As a web professional, I believe in building systems that don’t break in the first place. You have just read through a complex, technical, and stressful troubleshooting guide. The “fixes” are time-consuming and prone to error.

The manual management of SSL certificates is a problem of the past. In 2025, you should never have to manually edit configuration files or combine crt files to make your site secure.

The modern, reliable, and professional solution is to use a managed hosting platform that handles this for you.

The Power of Managed Elementor Hosting

This is where a solution like Elementor Hosting becomes invaluable. It is built on the Google Cloud Platform and is designed to create a seamless, secure, and fully managed environment for Elementor websites.
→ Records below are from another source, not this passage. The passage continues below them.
Lemma lin_equiv_char_divisor m : lin_equiv v (char_divisor m) (fun _ => 0).
Proof. by exists m => i; rewrite subr0. Qed.

Lemma lin_equiv_sum (J : finType) (c : J -> R) (x y : J -> 'I_r -> R) :
  (forall j, lin_equiv v (x j) (y j)) ->
  lin_equiv v (fun i => \sum_j c j * x j i) (fun i => \sum_j c j * y j i).
Proof.
move=> /fin_all_exists [m xy]; pose M l := \sum_j c j * m j l.
exists M => i; rewrite -/(char_divisor M i) char_divisor_sum -sumrB.
by apply: eq_bigr => j _; rewrite -mulrBr xy.
Qed.

Lemma simplicial_generators_coord k (w : 'I_k -> 'I_r -> R) (c c' : 'I_k -> R) :
  simplicial_generators w ->
  lin_equiv v (fun i => \sum_j c j * w j i) (fun i => \sum_j c' j * w j i) ->
  c =1 c'.
Proof.
move=> [free _] [m cc'] j; apply/eqP; rewrite -subr_eq0; apply/eqP.
apply: (free (fun j => c j - c' j) _ j); exists m => i.
by rewrite subr0 -cc' -sumrB; apply: eq_bigr => l _; rewrite mulrBl.
Qed.

Lemma simplicial_generators_rescale k (w w' : 'I_k -> 'I_r -> R) (a : 'I_k -> R) :
  (forall l, 0 < a l) -> (forall l, lin_equiv v (w' l) (fun i => a l * w l i)) ->
  simplicial_generators w -> simplicial_generators w'.
Proof.
move=> a_gt0 w'E [free gen].
have combE c : lin_equiv v (fun i => \sum_l c l * w' l i)
                           (fun i => \sum_l (c l * a l) * w l i).
  apply: eq_lin_equiv (lin_equiv_sum c w'E) => // i.
  by apply: eq_bigr => l _; rewrite mulrA.
split=> [c c0 l | x].
  have /eqP := free _ (lin_equiv_trans (lin_equiv_sym (combE c)) c0) l.
  by rewrite mulf_eq0 (gt_eqF (a_gt0 l)) orbF => /eqP.
apply: iff_trans (gen x) _; split=> -[c c_ge0 xE].
  exists (fun l => c l / a l) => [l|]; first exact: divr_ge0 (c_ge0 l) (ltW (a_gt0 l)).
  apply: lin_equiv_trans xE (lin_equiv_sym _).
  apply: eq_lin_equiv (combE _) => // i; apply: eq_bigr => l _.
  by rewrite divfK ?gt_eqF.
exists (fun l => c l * a l) => [l|]; first exact: mulr_ge0 (c_ge0 l) (ltW (a_gt0 l)).
exact: lin_equiv_trans xE (combE c).
Qed.

Lemma simplicial_generators_prime k (w : 'I_k -> 'I_r -> R) :
  simplicial_generators w ->
  exists2 p : 'I_k -> 'I_r, injective p &
    simplicial_generators (fun l => prime_divisor (p l)).
Proof.
move=> gens; have [_ gen] := gens.
have /fin_all_exists [a aP] i : exists a : 'I_k -> R, (forall l, 0 <= a l) /\
    lin_equiv v (prime_divisor i) (fun t => \sum_l a l * w l t).
  have [|a a_ge0 aE] := (gen (prime_divisor i)).1; last by exists a.
  by exists (prime_divisor i) => [t|]; [exact: ler0n | exact: lin_equiv_refl].
have /fin_all_exists [b bP] l : exists b : 'I_r -> R, (forall i, 0 <= b i) /\
    lin_equiv v (w l) b.
  have [|b b_ge0 bE] := (gen (w l)).2; last by exists b.
  exists (fun l' => (l' == l)%:R) => [l'|]; first exact: ler0n.
  apply: eq_lin_equiv (lin_equiv_refl (w l)) => // t.
  by under eq_bigr do rewrite mulrC; rewrite sum_delta.
have ba1 l : (fun l' => \sum_i b l i * a i l') =1 (fun l' => (l == l')%:R).
  apply: (simplicial_generators_coord gens).
  have bw : lin_equiv v (b l) (fun t => \sum_l' (l == l')%:R * w l' t).
    apply: eq_lin_equiv (lin_equiv_sym (bP l).2) => // t.
    by under eq_bigr do rewrite mulrC eq_sym; rewrite sum_delta.
  apply: lin_equiv_trans bw; apply: lin_equiv_sym.
  apply: eq_lin_equiv (lin_equiv_sum (b l) (fun i => (aP i).2)) => t.
    by rewrite sum_delta.
  under eq_bigr do rewrite mulr_sumr; rewrite exchange_big /=.
  by apply: eq_bigr => l' _; rewrite mulr_suml; apply: eq_bigr => i _; rewrite mulrA.
have [p p_inj pP] :=
  nonneg_left_inverse_monomial (fun i => (aP i).1) (fun l => (bP l).1) ba1.
exists p => //; apply: simplicial_generators_rescale (fun l => (pP l).1) _ gens => l.
apply: eq_lin_equiv (aP (p l)).2 => // t.
rewrite (bigD1 l) //= big1 ?addr0 // => l' l'l.
by rewrite (pP l).2 ?mul0r.
Qed.

Lemma prime_expansion k (p : 'I_k -> 'I_r) (f : 'I_r -> R) : injective p ->
  (forall t, t \notin [set p l | l : 'I_k] -> f t = 0) ->
  f =1 (fun t => \sum_l f (p l) * prime_divisor (p l) t).
Proof.
move=> p_inj f0 t; have [/imsetP [l0 _ ->] | tJ] := boolP (t \in [set p l | l : 'I_k]).
  by under eq_bigr do rewrite /prime_divisor (inj_eq p_inj); rewrite sum_delta.
rewrite f0 // big1 // => l _; rewrite /prime_divisor.
have /negbTE -> : p l != t by apply: contraNneq tJ => <-; rewrite imset_f ?inE.
by rewrite mulr0.
Qed.

Lemma simplicial_prime_pseff_basis k (p : 'I_k -> 'I_r) : injective p ->
  simplicial_generators (fun l => prime_divisor (p l)) ->
  pseff_basis_outside (~: [set p l | l : 'I_k]).
Proof.
set J := [set p l | l : 'I_k] => p_inj [free gen].
have p_neq t l : t \notin J -> p l != t.
  by move=> tJ; apply: contraNneq tJ => <-; rewrite imset_f ?inE.
split=> [m m0 | i].
  have f0 t : t \notin J -> char_divisor m t = 0 by move=> tJ; apply: m0; rewrite inE.
  have fp l : char_divisor m (p l) = 0.
    apply: (free (fun l => char_divisor m (p l))).
    exact: eq_lin_equiv (prime_expansion p_inj f0) _ (lin_equiv_char_divisor m).
  by move=> t; rewrite (prime_expansion p_inj f0) big1 // => l _; rewrite fp mul0r.
rewrite inE => iJ; have [|c c_ge0 [m cE]] := (gen (prime_divisor i)).1.
  by exists (prime_divisor i) => [t|]; [exact: ler0n | exact: lin_equiv_refl].
exists m; split=> [t | t]; rewrite ?inE => tJ; rewrite /char_divisor -cE.
  rewrite big1 => [|l _]; first by rewrite subr0 /prime_divisor eq_sym.
  by rewrite /prime_divisor (negbTE (p_neq t l tJ)) mulr0.
move: tJ; rewrite negbK => /imsetP [l0 _ ->].
under eq_bigr do rewrite /prime_divisor (inj_eq p_inj).
rewrite sum_delta // /prime_divisor eq_sym (negbTE (p_neq i l0 iJ)).
by rewrite sub0r oppr_le0 c_ge0.
Qed.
Here is how a platform like this eliminates the NET::ERR_CERT_AUTHORITY_INVALID error before it ever happens:

  • Automatic SSL Installation: The moment you connect your free domain name or custom domain to your Elementor Hosting plan, a free Let’s Encrypt SSL certificate is automatically installed. You don’t have to do anything.
  • Correct Chain Configuration: The automated installer always installs the full certificate chain, including all required intermediate certificates. The #1 cause of this error is solved from day one.
  • Automatic SSL Renewal: Let’s Encrypt certificates are only valid for 90 days. Manually, this is a nightmare to track. Elementor Hosting handles this automatically in the background. Your certificate renews itself well before it expires, so you never have an expired certificate.
  • Unified Support: If a bizarre, once-in-a-million SSL error does occur, you have a single point of contact. You don’t have to fight with a separate hosting company, a separate SSL provider, and a separate CDN. One support team handles everything.

For anyone building a professional website, especially an e-commerce store, this level of reliability is not a luxury. It’s a requirement. For a WooCommerce site, trust is your most valuable asset. A dedicated Elementor eCommerce Hosting plan provides this automatic SSL, plus enterprise-grade security and performance, so you can focus on your business, not on server administration.

Conclusion: From “Invalid Authority” to “Trusted Partner”

The NET::ERR_CERT_AUTHORITY_INVALID error is a message about trust.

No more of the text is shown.